(* triangle inequality: concatenate two shortest paths and shorten *)
Lemma distance_triangle x z y : (forall a b, e a b -> 0 <= w a b) ->
  ele (distance x y) (eadd (distance x z) (distance z y)).
Proof.
move=> hw; case: (distanceP x z) => -[[p1 [[h1p h1u h1l] <-]] | [_ ->]] _;
  last by case: (distance x y).
case: (distanceP z y) => -[[p2 [[h2p h2u h2l] <-]] | [_ ->]] _;
  last by case: (distance x y).
have hp : path e x (p1 ++ p2) by rewrite cat_path h1p h1l h2p.
have [q [hq wq]] := spath_shorten hw hp.
move: hq wq; rewrite last_cat h1l h2l wlen_cat h1l => hq wq.
by apply: ele_trans (proj2 (distanceP x y) q hq) _.
Qed.

Hypotheses (e_sym : symmetric e) (w_sym : forall a b, e a b -> w a b = w b a).

Lemma last_rev_belast (x : T) p : last (last x p) (rev (belast x p)) = x.
Proof.
have -> : last (last x p) (rev (belast x p)) = last x (last x p :: rev (belast x p)) by [].
by rewrite -rev_rcons -lastI rev_cons last_rcons.
Qed.

Lemma spath_rev x y p : spath e x y p ->
  spath e y x (rev (belast x p)) /\ wlen w y (rev (belast x p)) = wlen w x p.
Proof.
case=> hp hu <-; split.
- split; last exact: last_rev_belast.
  + by rewrite rev_path (@eq_path _ _ e) // => a b /=; rewrite e_sym.
  + by rewrite -rev_rcons -lastI rev_uniq.
- elim: p x hp {hu} => //= z p IH x /andP [hxz hp].
  by rewrite rev_cons wlen_rcons IH // last_rev_belast (w_sym hxz) addrC.
Qed.

Lemma distI_sym x y v : distI e w x y v -> distI e w y x v.
Proof.
have revP q a b : spath e a b q -> exists2 q', spath e b a q' & wlen w b q' = wlen w a q.
  by move=> /spath_rev [h1 h2]; exists (rev (belast a q)).
move=> [h1 h2]; split.
- case: h1 => [[p [/revP [q hq wq] <-]] | [hn ->]].
  + by left; exists q; rewrite wq.
  + by right; split => // q /revP [q' /hn].
- by move=> q /revP [q' hq' <-]; apply: h2.
Qed.

Lemma distance_sym x y : distance x y = distance y x.
Proof. by apply: distI_distance; apply: distI_sym; apply: distanceP. Qed.

End Distance.

Section Relaxation.
Variables (R : realFieldType) (A : eqType) (c : pred A) (g : A -> ext R).

Definition relax (acc : ext R) (l : seq A) : ext R :=
  foldl (fun acc z => if c z then emin acc (g z) else acc) acc l.

Lemma relax_le acc l :
  ele (relax acc l) acc /\ forall z, z \in l -> c z -> ele (relax acc l) (g z).
Proof.
elim: l acc => [|z l IH] acc /=; first by split => //; apply: ele_refl.
have [h1 h2] := IH (if c z then emin acc (g z) else acc).
split; first by apply: ele_trans h1 _; case: (c z); [apply: emin_lel | apply: ele_refl].
move=> z' /[1!in_cons] /orP [/eqP -> cz | hz' cz]; last exact: h2.
by apply: ele_trans h1 _; rewrite cz; apply: emin_ler.
Qed.

Lemma relax_ind (P : ext R -> Prop) acc l :
  P acc -> (forall a z, P a -> c z -> P (emin a (g z))) -> P (relax acc l).
Proof.
move=> h0 hs; elim: l acc h0 => //= z l IH acc h0; apply: IH.
by case: (boolP (c z)) => cz //; apply: hs.
Qed.

End Relaxation.

Lemma sorted_before (A : eqType) (f : A -> nat) (es pre post : seq A) x a :
  sorted (fun a b => f b <= f a)%N es -> es = pre ++ x :: post ->
  a \in es -> (f x < f a)%N -> a \in pre.
Proof.
move=> so E; rewrite E mem_cat in_cons => /orP [// | /orP [/eqP -> | ap]];
  first by rewrite ltnn.
have tr : transitive (fun a b => f b <= f a)%N by move=> b a' c h h'; apply: leq_trans h' h.
move: so; rewrite E sorted_cat_cons => /andP [_ /(order_path_min tr) /allP /(_ a ap)].
by move=> /= h /leq_trans /(_ h); rewrite ltnn.
Qed.

Lemma uniq_last_head (A : eqType) (z : A) q : uniq (z :: q) -> last z q = z -> q = [::].
Proof. by case: q => // a q /andP [zq _] /= hl; rewrite -hl mem_last in zq. Qed.

Lemma updown_first (T : finType) (s : seq T) x z q :
  updown s x (z :: q) -> (rank s x < rank s (last z q))%N -> (rank s x < rank s z)%N.
Proof.
case/existsP => -[[|j] hj] /andP [hup hdown] hl /=; last by case/andP: hup.
move: hdown; rewrite drop0 => hdown.
have tr : transitive (fun a b : T => rank s b < rank s a)%N.
  by move=> b a c h h'; apply: ltn_trans h' h.
have /allP /(_ _ (mem_last z q)) /= := order_path_min tr hdown.
by move=> /(ltn_trans hl); rewrite ltnn.
Qed.

Section Update.
Variables (R : realFieldType) (T : finType) (m : T -> T -> ext R) (x y : T) (v : ext R).

Variant upd_spec (a b : T) : ext R -> Prop :=
  | UpdXY of a = x & b = y : upd_spec a b v
  | UpdYX of a = y & b = x : upd_spec a b v
  | UpdOther of ~~ (((a == x) && (b == y)) || ((a == y) && (b == x))) :
      upd_spec a b (m a b).

Lemma updP a b : upd_spec a b (upd m x y v a b).
Proof.
rewrite /upd; case: ifP => [/orP [] /andP [/eqP -> /eqP ->] | /negbT h].
- exact: UpdXY.
- exact: UpdYX.
- exact: UpdOther.
Qed.

Lemma upd_sym a b : m a b = m b a -> upd m x y v a b = upd m x y v b a.
Proof.
move=> h; rewrite /upd [in RHS](andbC (b == x)) [in RHS](andbC (b == y)) [in RHS]orbC.
by case: ifP.
Qed.

End Update.

Section PerfectCustomization.
Variables (R : realFieldType) (T : finType) (e : rel T) (w : T -> T -> R).
Variables (s : seq T) (mC : T -> T -> ext R) (es : seq (T * T)).
Hypotheses (e_irr : irreflexive e) (e_sym : symmetric e).
Hypotheses (w_sym : forall a b, e a b -> w a b = w b a)
  (w_pos : forall a b, e a b -> 0 < w a b).
Hypothesis s_full : forall v, v \in s.
Hypotheses (mC_sym : forall a b, gstar e s a b -> mC a b = mC b a)
  (mC_cust : customized e w s mC).
Hypotheses (es_mem : forall a b, ((a, b) \in es) = gstar e s a b && (rank s a < rank s b)%N)
  (es_sorted : sorted (fun a b => rank s b.1 <= rank s a.1)%N es).

Local Notation gs := (gstar e s).
Local Notation dist := (distance e w).

Lemma gs_sym : symmetric gs.
Proof. exact: gstar_sym. Qed.

Lemma gs_irr : irreflexive gs.
Proof. exact: gstar_irr. Qed.

Lemma w_ge0 a b : e a b -> 0 <= w a b.
Proof. by move/w_pos/ltW. Qed.

Lemma dist_le_mlen m a b p :
  respects e w s m -> spath gs a b p -> ele (dist a b) (mlen m a p).
Proof. by move=> m_resp; apply: (proj2 (m_resp _ _ _ (distanceP e w a b))). Qed.

Lemma dist_le_edge m a b : respects e w s m -> gs a b -> ele (dist a b) (m a b).
Proof.
move=> m_resp gab; rewrite -[m a b]eadd0; apply: (dist_le_mlen (p := [:: b])) => //.
by split; rewrite //= ?gab // inE andbT; apply: contraTneq gab => ->; rewrite gs_irr.
Qed.

Definition triangle_bound (m : T -> T -> ext R) (x y : T) : ext R :=
  relax (fun z => [&& z != y, (rank s x < rank s z)%N, gs x z & gs z y])
        (fun z => eadd (m x z) (m z y)) (m x y) (enum T).

Lemma perfect_stepE m x y :
  perfect_step e s m (x, y) = upd m x y (triangle_bound m x y).
Proof. by []. Qed.

Definition invariant (m : T -> T -> ext R) (pre : seq (T * T)) : Prop :=
  [/\ forall a b, gs a b -> m a b = m b a,
      forall a b, gs a b -> ele (dist a b) (m a b),
      forall a b, gs a b -> ele (m a b) (mC a b) &
      forall a b, (a, b) \in pre -> m a b = dist a b].

Lemma invariant_init : invariant mC [::].
Proof. by split=> // a b; [apply: dist_le_edge (proj1 mC_cust) | move=> _; apply: ele_refl]. Qed.

Lemma invariant_upper_edge m pre x y post a b :
  es = pre ++ (x, y) :: post -> invariant m pre -> gs a b ->
  (rank s x < rank s a)%N -> (rank s x < rank s b)%N -> a != b -> m a b = dist a b.
Proof.
move=> E [m_sym _ _ m_pre] gab ra rb ab.
have before c d : (rank s c < rank s d)%N -> gs c d -> (rank s x < rank s c)%N ->
    (c, d) \in pre.
  move=> cd gcd rc; apply: (@sorted_before _ (fun p => rank s p.1) es pre post (x, y) (c, d) es_sorted E _ rc).
  by rewrite es_mem gcd cd.
case: (ltngtP (rank s a) (rank s b)) => r.
- exact: m_pre (before _ _ r gab ra).
- rewrite m_sym // m_pre; first exact: distance_sym.
  by apply: (before _ _ r _ rb); rewrite gs_sym.
- by rewrite (rank_inj s_full r) eqxx in ab.
Qed.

· · ·

DESCRIPTION OF THE TASK: Could you restate, word for word, the lines above from the one with "(mC_cust : customized e w s mC)." to the one with "Lemma gs_irr : irreflexive gs.", both included?

TASK SOLUTION:
  (mC_cust : customized e w s mC).
Hypotheses (es_mem : forall a b, ((a, b) \in es) = gstar e s a b && (rank s a < rank s b)%N)
  (es_sorted : sorted (fun a b => rank s b.1 <= rank s a.1)%N es).

Local Notation gs := (gstar e s).
Local Notation dist := (distance e w).

Lemma gs_sym : symmetric gs.
Proof. exact: gstar_sym. Qed.

Lemma gs_irr : irreflexive gs.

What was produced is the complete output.